SD: Standard Deviation

*

Calculated using CDC LMS method and reference population

Linear regression was used to examine the relation between dietary self-monitoring and change in percent overweight. A significant inverse relation (p < 0.001) between self-monitoring and change in percent overweight was found, after controlling for baseline percent overweight. Children who recorded on more days (mean = 50.1%, SD = 25.9), indicating better compliance, had greater decreases in percent overweight (mean decrease = −10.9, SD = 7.9; adj R2 = 0.094, partial correlation = −0.276, p < 0.001) than those who recorded less frequently. Similarly, a significant inverse relation (p < 0.001) was found between average recording competency and change in percent overweight (mean = 10.9, SD = 7.9; adj R2 = 0.080, partial correlation = −0.247), controlling for baseline child percent overweight. Thus, children who had better recording competency had greater decreases in percent overweight than children with poorer recording competency.
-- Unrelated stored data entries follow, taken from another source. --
(* Let $k$ be a field and let $M$ be a finitely generated, commutative, cancellative monoid whose group completion $M^{\mathrm{gp}}$ is torsion-free, and let $X=\operatorname{Spec} k[M]$. Let $M^\times\subseteq M$ be the group of units of $M$ and $Y=\operatorname{Spec} k[M^\times]$. Let $\pi\colon X\to Y$ be the morphism induced by the inclusion $M^\times\hookrightarrow M$, and let $i\colon Y\to X$ be the morphism induced by the monoid map $M\to M^\times\cup\{0\}$ that is the identity on $M^\times$ and sends $M\setminus M^\times$ to $0$. Then $i$ and $\pi$ are mutually inverse naive $\mathbf A^1$-homotopy equivalences: $\pi\circ i=\mathrm{id}_Y$, and $i\circ\pi$ is naively $\mathbf A^1$-homotopic to $\mathrm{id}_X$.
   Context: Two morphisms $f,g\colon X\to X'$ of $k$-schemes are naively $\mathbf A^1$-homotopic if they are related by the equivalence relation generated by: $f\sim g$ whenever there is a morphism $h\colon \mathbf A^1_k\times_k X\to X'$ with $h|_{\{0\}\times X}=f$ and $h|_{\{1\}\times X}=g$. Such an $X$ is called a split affine toric variety; $i$ embeds $Y$ as the unique closed torus orbit of $X$. *)

From HB Require Import structures.
From mathcomp Require Import all_boot all_order all_algebra.
From mathcomp Require Import finmap.
From mathcomp Require Import boolp.
From Stdlib Require Import Relations.
Set Implicit Arguments. Unset Strict Implicit. Unset Printing Implicit Defensive.
Import GRing.Theory.
Local Open Scope ring_scope.


(* Monoid algebras k[T] of a monoid (T, op, e): finitely supported functions *)
Section MonoidAlgebra.
Variables (k : fieldType) (T : choiceType).

Local Notation MA := {fsfun T -> k with 0%R}.

Definition ma_add (f g : MA) : MA :=
  [fsfun x in (finsupp f `|` finsupp g)%fset => f x + g x].

Definition ma_scale (c : k) (f : MA) : MA :=
  [fsfun x in finsupp f => c * f x].

Definition ma_basis (t : T) : MA := [fsfun x in [fset t]%fset => 1].

Definition ma_mul (op : T -> T -> T) (f g : MA) : MA :=
  [fsfun x in [fset op a b | a in finsupp f, b in finsupp g]%fset =>
     \sum_(a <- finsupp f) \sum_(b <- finsupp g | op a b == x) f a * g b].

End MonoidAlgebra.

Notation MA k T := {fsfun T -> k with 0%R}.

Definition is_kalg_hom (k : fieldType) (T U : choiceType)
    (opT : T -> T -> T) (eT : T) (opU : U -> U -> U) (eU : U)
    (phi : MA k T -> MA k U) : Prop :=
  [/\ forall f g, phi (ma_add f g) = ma_add (phi f) (phi g),
      forall c f, phi (ma_scale c f) = ma_scale c (phi f),
      forall f g, phi (ma_mul opT f g) = ma_mul opU (phi f) (phi g)
    & phi (ma_basis k eT) = ma_basis k eU].

Definition ma_map (k : fieldType) (T U : choiceType) (phi : T -> U)
    (f : MA k T) : MA k U :=
  [fsfun u in [fset phi t | t in finsupp f]%fset =>
     \sum_(t <- finsupp f | phi t == u) f t].

(* k[M][t] = k[N x M] (k[t] = k[N]) and evaluation at t = c.                *)
Definition A1op (T : choiceType) (op : T -> T -> T) (p q : nat * T) : nat * T :=
  ((p.1 + q.1)%N, op p.2 q.2).

Definition ma_ev (k : fieldType) (T : choiceType) (c : k)
    (f : MA k (nat * T)) : MA k T :=
  [fsfun m in [fset p.2 | p in finsupp f]%fset =>
     \sum_(p <- finsupp f | p.2 == m) f p * c ^+ p.1].

(* Elementary naive A^1-homotopy between two endomorphisms phi, psi of the   *)
(* affine k-scheme Spec k[T], in terms of the corresponding k-algebra maps:  *)
(* a k-algebra map h : k[T] -> k[T][t] with h(t=0) = phi and h(t=1) = psi.   *)
Definition elem_A1_htpy (k : fieldType) (T : choiceType) (op : T -> T -> T)
    (e : T) (phi psi : MA k T -> MA k T) : Prop :=
  exists h : MA k T -> MA k (nat * T),
    [/\ is_kalg_hom op e (A1op op) (0%N, e) h,
        forall f, ma_ev 0 (h f) = phi f
      & forall f, ma_ev 1 (h f) = psi f].

Definition naive_A1_htpy (k : fieldType) (T : choiceType) (op : T -> T -> T)
    (e : T) : relation (MA k T -> MA k T) :=
  clos_refl_sym_trans _ (@elem_A1_htpy k T op e).

Definition cancellative (M : Type) (op : M -> M -> M) : Prop :=
  forall a b c, op a c = op b c -> a = b.

Definition fin_generated (M : eqType) (e : M) (op : M -> M -> M) : Prop :=
  exists s : seq M, forall m : M, exists n : seq M,
    (forall x, x \in n -> x \in s) /\ m = \big[op/e]_(x <- n) x.

(* The group completion M^gp of a cancellative commutative monoid: pairs     *)
(* (a, b) (standing for a - b) modulo (a,b) ~ (c,d) iff a + d = b + c.       *)
Definition gp_rel (M : Type) (op : M -> M -> M) (p q : M * M) : Prop :=
  op p.1 q.2 = op p.2 q.1.

Definition mpow (M : Type) (e : M) (op : M -> M -> M) (a : M) (n : nat) : M :=
  \big[op/e]_(i < n) a.

Definition gp_torsion_free (M : Type) (e : M) (op : M -> M -> M) : Prop :=
  forall (a b : M) (n : nat), (0 < n)%N ->
    gp_rel op (mpow e op a n, mpow e op b n) (e, e) -> gp_rel op (a, b) (e, e).

Section Units.
Variables (M : choiceType) (e : M) (op : Monoid.com_law e).

Definition is_unitm (x : M) : bool := `[< exists y, op x y = e >].

Definition Mx := {x : M | is_unitm x}.

Lemma unitm_op (x y : Mx) : is_unitm (op (val x) (val y)).
Proof.
move: x y => [x Hx0] [y Hy0] /=.
move/asboolP: Hx0 => [x' Hx]; move/asboolP: Hy0 => [y' Hy].
apply/asboolP; exists (op x' y').
have -> : op (op x y) (op x' y') = op (op x x') (op y y') by rewrite Monoid.mulmACA.
by rewrite Hx Hy Monoid.mul1m.
Qed.

Lemma unitm_e : is_unitm e.
Proof. by apply/asboolP; exists e; rewrite Monoid.mul1m. Qed.

Definition Mx_op (x y : Mx) : Mx := exist _ (op (val x) (val y)) (unitm_op x y).
Definition Mx_e : Mx := exist _ e unitm_e.

(* pi : X -> Y corresponds to pi^* : k[M^x] -> k[M] induced by inclusion *)
Definition pi_star (k : fieldType) (f : MA k Mx) : MA k M := ma_map val f.

(* i : Y -> X corresponds to i^* : k[M] -> k[M^x] induced by the monoid map *)
(* M -> M^x u {0} (identity on units, non-units to 0): e_m |-> e_m if m is a *)
(* unit, e_m |-> 0 otherwise.                                               *)
Definition i_star (k : fieldType) (f : MA k M) : MA k Mx :=
  [fsfun u in [fset u | u in pmap insub (finsupp f : seq M)]%fset => f (val u)].

End Units.

From HB Require Import structures.
From mathcomp Require Import all_boot all_order all_algebra.
From mathcomp Require Import finmap boolp ring lra.
From Stdlib Require Import Relations.
Set Implicit Arguments. Unset Strict Implicit. Unset Printing Implicit Defensive.
Import Order.TTheory GRing.Theory Num.Theory.
Local Open Scope ring_scope.

(* A map d : M -> nat with d (a * b) = d a + d b that vanishes exactly on the
   units gives the homotopy e_m |-> t^(d m) e_m from k[M] to k[M][t]: it is the
   identity at t = 1 and pi^* o i^* at t = 0.  To build d, present M by
   monomials g^a (a in N^r) in finitely many generators g_j.  By cancellativity
   a relation g^a = g^b with a >= b on the non-unit generators has a = b there,
   so the rational span of the relation vectors a - b (restricted to the
   non-unit coordinates) meets the nonnegative orthant only in 0.  Gordan's
   alternative, proved by Fourier-Motzkin elimination, then yields rational
   weights that are positive on the non-unit generators and orthogonal to all
   relations; clearing denominators gives d. *)

Section MonoidAlgebraFormulas.
Variable k : fieldType.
As shown in Table III, the decline in percent overweight was greater for children whose average recording competency was at or above the median of 13.4 (mean change: −13.4% vs. −0.6%; p < 0.001) than those who were below the median. Children who had higher compliance as measured by recording sufficiency on at least 70 days (50%) as compared to those who had inadequate recording had a significantly greater decrease in percent overweight (mean change: −13.0 vs. −8.4; p < 0.001). Those who were compliant on at least 105 days (75%) had even greater decreases in percent overweight as compared to the rest of the sample (mean change: −14.2% vs. −0.9%; p = 0.005). Generalized linear modeling was used to examine graphically the change in percent overweight by the aforementioned recording compliance or competency categories, adjusting for age, sex, baseline perceived social support and dietary self-efficacy (see Figure 1).

Table 3.

Changes in percent overweight from baseline to post-intervention by self-monitoring categories among 153 children aged 7–12, San Diego CA 1999–2002

Yes No Mean Difference (SE) df t P value

n Mean Percent Overweight Change (SD) n Mean Percent Overweight Change (SD)

Recording competency
 At or above 13.4 (median) 75 −13.37 (7.85) 78 −8.56 (7.29) 4.81 (1.22) 151 3.93 <0.001
Recording compliance
 50% of the days (70 days) 83 −13.02 (8.01) 70 −8.41 (7.09) 4.61 (1.23) 151 3.73 <0.001
 75% of the days (105 days) 36 −14.17 (6.56) 117 −9.91 (8.06) 4.25 (1.47) 151 2.88 0.005

SD: Standard Deviation; SE: Standard Error; df: Degrees of Freedom

Figure 1.

Figure 1

Change in percent overweight by recording sufficiency and monitoring index category among 153 children aged 7–12, San Diego, CA 1999–2002

Models adjusted for age, sex, baseline perceived social support and dietary self-efficacy.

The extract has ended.